Développement, adaptation, atténuation, les remèdes !
« Avec une population qui devrait doubler au cours des 20 prochaines années pour atteindre 160 millions de personnes, les pays du Sahel doivent accélérer leur croissance et prioriser l’adaptation climatique s’ils veulent concrétiser le dividende démographique et mettre la région sur la voie d’une croissance durable et inclusive. ». Cet appel du vice-président de la Banque mondiale pour l’Afrique de l’Ouest et centrale coincide parfaitement avec l’essentiel des recommandations du rapport pour éviter le chaos. Il est ainsi notamment recommandé l’intensification des actions de développement que la Banque excipe comme une urgence pour la région.
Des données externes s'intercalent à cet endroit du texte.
Section ContinuousLinearFunctionals.
Context {R : realType} {E : completeNormedModType R}.

Lemma clf_of_bound {g : E -> R} {M : R} : 0 <= M ->
  (forall (a : R) x y, g (a *: x + y) = a * g x + g y) ->
  (forall x, `|g x| <= M * `|x|) -> cont_lin_functional g.
Proof.
move=> M0 glin gM; split => // x.
have gB y : g y - g x = g (y - x).
  by rewrite -[- x]scaleN1r [y + _]addrC glin mulN1r addrC.
apply/cvgrPdist_lt => e e0; apply/nbhs_normP.
have M1 : 0 < M + 1 by rewrite ltr_wpDl.
exists (e / (M + 1)); first by rewrite /= divr_gt0.
move=> y /= xy; rewrite distrC gB.
apply: (le_lt_trans (gM _)); rewrite -normrN opprB.
apply: (le_lt_trans (ler_wpM2l M0 (ltW xy))).
by rewrite mulrA ltr_pdivrMr // mulrDr mulr1 mulrC ltrDl.
Qed.

Context {f : E -> R} (hf : cont_lin_functional f).

Lemma clfD x y : f (x + y) = f x + f y.
Proof. by case: hf => flin _; rewrite -[x in f (x + _)]scale1r flin mul1r. Qed.

Lemma clf0 : f 0 = 0.
Proof. by apply: (addrI (f 0)); rewrite -clfD !addr0. Qed.

Lemma clfZ a x : f (a *: x) = a * f x.
Proof. by case: hf => flin _; rewrite -[a *: x]addr0 flin clf0 addr0. Qed.

Lemma clfN x : f (- x) = - f x.
Proof. by rewrite -scaleN1r clfZ mulN1r. Qed.

Lemma clfB x y : f (x - y) = f x - f y.
Proof. by rewrite clfD clfN. Qed.
(* In the setting of the context, $C=Ae_2A$ and $C\cong A\otimes_kA$ as rings, where $A\otimes_kA$ carries the multiplication $(a_1\otimes a_2)(a_3\otimes a_4)=a_1E_M(a_2a_3)\otimes a_4$. Also $C=Be_1B$ and $C\cong B\otimes_kB$ as rings, where $B\otimes_kB$ carries the multiplication $(b_1\otimes b_2)(b_3\otimes b_4)=b_1E_{M_1}(b_2b_3)\otimes b_4$.
   Context: $k$ is a field; $C_R(S)=\{r\in R:rs=sr\ \forall s\in S\}$. $N\subseteq M$ is a strongly separable, irreducible extension of $k$-algebras: $C_M(N)=k1$ and there are an $N$-bimodule map $E:M\to N$ and $x_1,\dots,x_n,y_1,\dots,y_n\in M$ with $\sum_iE(mx_i)y_i=m=\sum_ix_iE(y_im)$ for all $m\in M$, $E(1)\neq0$, $\sum_ix_iy_i\neq0$; normalized so that $E(1)=1$, whence $\sum_ix_iy_i=\lambda^{-1}1$ with $0\neq\lambda\in k$. Basic construction: given $S\subseteq R$, an $S$-bimodule map $E_S:R\to S$ with $E_S(1)=1$ and $r_i,s_i\in R$ with $\sum_iE_S(rr_i)s_i=r=\sum_ir_iE_S(s_ir)$ and $\sum_ir_is_i=\lambda^{-1}1$, set $R_1=R\otimes_SR$ with product $(a\otimes b)(c\otimes d)=aE_S(bc)\otimes d$, unit $\sum_ir_i\otimes s_i$, $R\subseteq R_1$ via $r\mapsto\sum_irr_i\otimes s_i$, Jones idempotent $e=1\otimes1$, $E_R:R_1\to R$, $a\otimes b\mapsto\lambda ab$; then $E_R$, $\lambda^{-1}r_i\otimes1$, $1\otimes s_i$ satisfy the same conditions with the same $\lambda$. From $(N\subseteq M,E)$ get $M_1,e_1,E_M$; from $(M\subseteq M_1,E_M)$ get $M_2,e_2,E_{M_1}$. Let $A=C_{M_1}(N)$, $B=C_{M_2}(M)$, $C=C_{M_2}(N)$. Depth 2 is assumed: $M_1$ is free as right $M$-module with basis in $A$, $M_2$ free as right $M_1$-module with basis in $B$. For $a,a'\in A$, $E_M(aa')\in C_M(N)=k1$ and for $b,b'\in B$, $E_{M_1}(bb')\in C_{M_1}(M)=k1$; these are identified with scalars. *)

From HB Require Import structures.
From mathcomp Require Import all_boot all_order all_algebra.
Set Implicit Arguments. Unset Strict Implicit. Unset Printing Implicit Defensive.
Import GRing.Theory.
Local Open Scope ring_scope.

(* Prop-valued subsets are used throughout (rings here may be infinite). *)

Definition is_subalgebra (k : fieldType) (R : algType k) (S : R -> Prop) :=
  [/\ S 1, (forall a b, S a -> S b -> S (a + b)),
      (forall a b, S a -> S b -> S (a * b)) & (forall (c : k) a, S a -> S (c *: a))].

Definition centralizer (R : pzRingType) (S : R -> Prop) : R -> Prop :=
  fun r => forall s, S s -> r * s = s * r.
Lemma succeeds_diseqs_app P D G n l : diseqs D ->
  succeeds P (D ++ G) n l <->
  exists n1, n = length D + n1 /\ succeeds P G n1 l /\ nonunifiable_diseqs D.
Proof.
  revert n; induction D as [|a D IH]; intros n HD.
  - split; [|intros (n1 & -> & Hs & _); exact Hs].
    intro Hs; exists n; repeat split; [exact Hs | intros ? ? []].
  - destruct (HD a (or_introl eq_refl)) as (t1 & t2 & ->).
    assert (HD' : diseqs D) by (intros b Hb; apply HD; right; exact Hb).
    split.
    + intro Hs; inversion Hs as [|? g' n' l' Hst Hs']; subst.
      inversion Hst; subst.
      apply IH in Hs' as (n1 & -> & HG & Hnu); [|exact HD'].
      exists n1; repeat split; [exact HG|].
      intros u1 u2 [E|Hin]; [injection E as -> ->; assumption | exact (Hnu _ _ Hin)].
    + intros (n1 & -> & HG & Hnu).
      change l with (Nat.b2n (starts_nonbasic (Neq t1 t2 :: D ++ G)) + l).
      apply succeeds_step with (D ++ G).
      * apply step_neq, Hnu; left; reflexivity.
      * apply IH; [exact HD'|]; exists n1; repeat split; [exact HG|].
        intros u1 u2 Hin; apply Hnu; right; exact Hin.
Qed.

Lemma succeeds_diseqs P D n l : diseqs D ->
  succeeds P D n l <-> n = length D /\ l = 0 /\ nonunifiable_diseqs D.
Proof.
  intro HD; rewrite <- (app_nil_r D) at 1; rewrite succeeds_diseqs_app by exact HD; split.
  - intros (n1 & -> & Hs & Hnu); inversion Hs as [|? g' ? ? Hst]; subst;
      [repeat split; auto | destruct (step_gtrue _ _ Hst)].
  - intros (-> & -> & Hnu); exists 0; repeat split; auto; constructor.
Qed.

Lemma step_app_disjoint_inv P H D g : step P (H ++ D) g -> H <> [] -> disjoint H D ->
  exists g', g = g' ++ D /\ step P H g' /\ disjoint g' D.
Proof.
  intros Hs HH HHD; destruct H as [|a H]; [contradiction|].
  simpl in Hs; remember (a :: H ++ D) as g0 eqn:E; revert E.
  destruct Hs as [t1 t2 G th Hm | t1 t2 G Hnu | p args G C C' th Hin Hv Hap Hp Hm];
    intro E; injection E as <- ->.
  - destruct (mgu_frame th [t1] [t2] H D Hm) as [-> HgD].
    + intros x Hx; apply HHD, occ_goal_cons; left; exact Hx.
    + intros x Hx; apply HHD, occ_goal_cons; right; exact Hx.
    + eexists; split; [reflexivity|]; split; [apply step_eq, Hm | exact HgD].
  - exists H; split; [reflexivity|]; split; [apply step_neq, Hnu|].
    intros x Hx; apply HHD, occ_goal_cons; right; exact Hx.
  - assert (HC : forall x, occ_clause x C' -> ~ occ_goal x D).
    { intros x Hx HxD; apply (Hap x Hx), occ_goal_cons; right.
      apply occ_goal_app; right; exact HxD. }
    destruct (resolvent_frame th p args C' H D Hm HHD HC) as [-> HgD].
    eexists; split; [reflexivity|]; split; [|exact HgD].
    eapply step_res; eauto.
    intros x Hx HxH; apply (Hap x Hx).
    apply occ_goal_cons in HxH as [HxH|HxH]; apply occ_goal_cons; [left | right]; auto.
    apply occ_goal_app; left; exact HxH.
Qed.

(* A clause variant used in a step of [H] alone may share variables with [D]. *)
Lemma rename_clause_apart H D C' : disjoint H D ->
  (forall x, occ_clause x C' -> ~ occ_goal x H) ->
  exists pi, Bijective pi /\ subst_goal (ren pi) H = H /\
    forall x, occ_clause x (rename_clause pi C') -> ~ occ_goal x (H ++ D).
Proof.
  intros HHD Hap.
  destruct (renaming_apart (fun x => occ_goal x H) (fun x => occ_clause x C')
              (fun x => occ_goal x D)) as (pi & Hpi & Hfix & Hapart);
    [apply goal_bounded | apply clause_bounded | apply goal_bounded | exact HHD |].
  exists pi; split; [exact Hpi|]; split.
  - apply subst_goal_var; intros x Hx; unfold ren; rewrite Hfix by exact Hx; reflexivity.
  - intros x Hx HxG; apply occ_clause_ren in Hx as (z & Hz & ->).
    apply occ_goal_app in HxG as [HxG|HxG]; [|exact (Hapart z Hz HxG)].
    destruct Hpi as (pi' & Hpi'pi & _).
    assert (Ez : pi z = z)
      by (rewrite <- (Hpi'pi (pi z)), Hfix, Hpi'pi by exact HxG; reflexivity).
    rewrite Ez in HxG; exact (Hap z Hz HxG).
Qed.

Lemma step_app_disjoint P H D g' : step P H g' -> disjoint H D ->
  exists pi, Bijective pi /\ step P (H ++ D) (subst_goal (ren pi) g' ++ D) /\
    disjoint (subst_goal (ren pi) g') D.
Proof.
  intros Hs HHD.
  assert (Hid : Bijective (fun x : nat => x)) by (exists (fun x => x); split; reflexivity).
  assert (Hren_id : forall g, subst_goal (ren (fun x => x)) g = g)
    by (intro; apply subst_goal_var; reflexivity).
  destruct Hs as [t1 t2 G th Hm | t1 t2 G Hnu | p args G C C' th Hin Hv Hap Hp Hm].
  - exists (fun x => x); rewrite Hren_id; split; [exact Hid|].
    destruct (mgu_frame th [t1] [t2] G D Hm) as [E HgD].
    + intros x Hx; apply HHD, occ_goal_cons; left; exact Hx.
    + intros x Hx; apply HHD, occ_goal_cons; right; exact Hx.
    + rewrite <- E; split; [apply step_eq, Hm | exact HgD].
  - exists (fun x => x); rewrite Hren_id; split; [exact Hid|].
    split; [apply step_neq, Hnu|].
    intros x Hx; apply HHD, occ_goal_cons; right; exact Hx.
  - destruct (rename_clause_apart _ D C' HHD Hap) as (pi & Hpi & HH & Happ).
    injection HH as Hargs HG.
    destruct (mgu_ren th args (hd_args C') pi Hpi Hm) as (th' & Hconj & Hm').
    rewrite Hargs in Hm'.
    assert (HC : forall x, occ_clause x (rename_clause pi C') -> ~ occ_goal x D)
      by (intros x Hx HxD; apply (Happ x Hx), occ_goal_app; right; exact HxD).
    exists pi; split; [exact Hpi|].
    rewrite <- (subst_goal_ren_conj th th' pi Hconj), subst_goal_app, HG.
    change (subst_goal (ren pi) (bd C')) with (bd (rename_clause pi C')).
    destruct (resolvent_frame th' p args (rename_clause pi C') G D Hm' HHD HC) as [<- HgD].
    split; [|exact HgD].
    eapply step_res; eauto; apply variant_ren; assumption.
Qed.

Lemma succeeds_app_disjoint_inv P G D n l : diseqs D -> disjoint G D ->
  succeeds P (G ++ D) n l ->
  exists n1, n = n1 + length D /\ succeeds P G n1 l /\ nonunifiable_diseqs D.
Proof.
  intros HD HGD Hs; remember (G ++ D) as g eqn:E; revert G E HGD.
  induction Hs as [|g g' n l Hst Hs IH]; intros G E HGD.
  - symmetry in E; apply app_eq_nil in E as [-> ->].
    exists 0; repeat split; [constructor | intros ? ? []].
  - destruct G as [|a G'].
    + simpl in E; subst g.
      assert (HDs : succeeds P D (S n) (Nat.b2n (starts_nonbasic D) + l))
        by (econstructor; eassumption).
      apply succeeds_diseqs in HDs as (-> & -> & Hnu); [|exact HD].
      exists 0; repeat split; [constructor | exact Hnu].
    + subst g; destruct (step_app_disjoint_inv P (a :: G') D g' Hst) as (g'' & -> & Hst' & HgD);
        [discriminate | exact HGD |].
      destruct (IH g'' eq_refl HgD) as (n1 & -> & Hs' & Hnu).
      exists (S n1); repeat split; [|exact Hnu].
      change (starts_nonbasic ((a :: G') ++ D)) with (starts_nonbasic (a :: G')).
      apply succeeds_step with g''; assumption.
Qed.

Lemma succeeds_app_disjoint P G D n l : diseqs D -> nonunifiable_diseqs D ->
  succeeds P G n l -> disjoint G D -> succeeds P (G ++ D) (n + length D) l.
Proof.
  intros HD Hnu; revert G l; induction n as [|n IH]; intros G l Hs HGD;
    inversion Hs as [|? g' ? l' Hst Hs']; subst.
  - apply succeeds_diseqs; auto.
  - destruct (step_app_disjoint P G D g' Hst HGD) as (pi & Hpi & Hst' & HgD).
    replace (starts_nonbasic G) with (starts_nonbasic (G ++ D))
      by (destruct G; [destruct (step_gtrue _ _ Hst) | reflexivity]).
    apply succeeds_step with (subst_goal (ren pi) g' ++ D); [exact Hst'|].
    apply IH; [apply succeeds_ren|]; assumption.
Qed.

Theorem lemma9 (P : program) (M : mode) (Diseqs G : goal) :
  mode_for M P -> safe M P -> prog_satisfies P M ->
  diseqs Diseqs ->
  (forall x, occ_goal x Diseqs -> ~ occ_goal x G) ->
  (steps P (G ++ Diseqs) gtrue <-> steps P (Diseqs ++ G) gtrue) /\
  mu P (G ++ Diseqs) = mu P (Diseqs ++ G) /\
  nu P (G ++ Diseqs) = nu P (Diseqs ++ G).
Proof.
  intros _ _ _ HD HDG.
  assert (HGD : disjoint G Diseqs) by (intros x HG HD'; exact (HDG x HD' HG)).
  assert (Hswap : forall n l, succeeds P (G ++ Diseqs) n l <-> succeeds P (Diseqs ++ G) n l).
  { intros n l; rewrite (succeeds_diseqs_app P Diseqs G) by exact HD; split.
    - intros Hs; apply succeeds_app_disjoint_inv in Hs as (n1 & -> & Hs & Hnu); auto.
      exists n1; rewrite Nat.add_comm; auto.
    - intros (n1 & -> & Hs & Hnu); rewrite Nat.add_comm.
      apply succeeds_app_disjoint; assumption. }
  rewrite !steps_iff_succeeds, !mu_succeeds, !nu_succeeds.
  split; [|split; apply nat_min_ext].
  - split; intros (n & l & Hs); exists n, l; apply Hswap, Hs.
  - intro l; split; intros [n Hs]; exists n; apply Hswap, Hs.
  - intro n; split; intros [l Hs]; exists l; apply Hswap, Hs.
Qed.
Et ce processus devra inclure une bonne capacité d’adaptation face au changement climatique. En outre, comme le signale également le rapport, la combinaison des mesures d’adaptation et d’atténuation des effets du changement climatique peuvent constituer de puissants outils de développement, œuvrant ensemble pour la réalisation d’objectifs plus larges et l’amélioration de la résilience.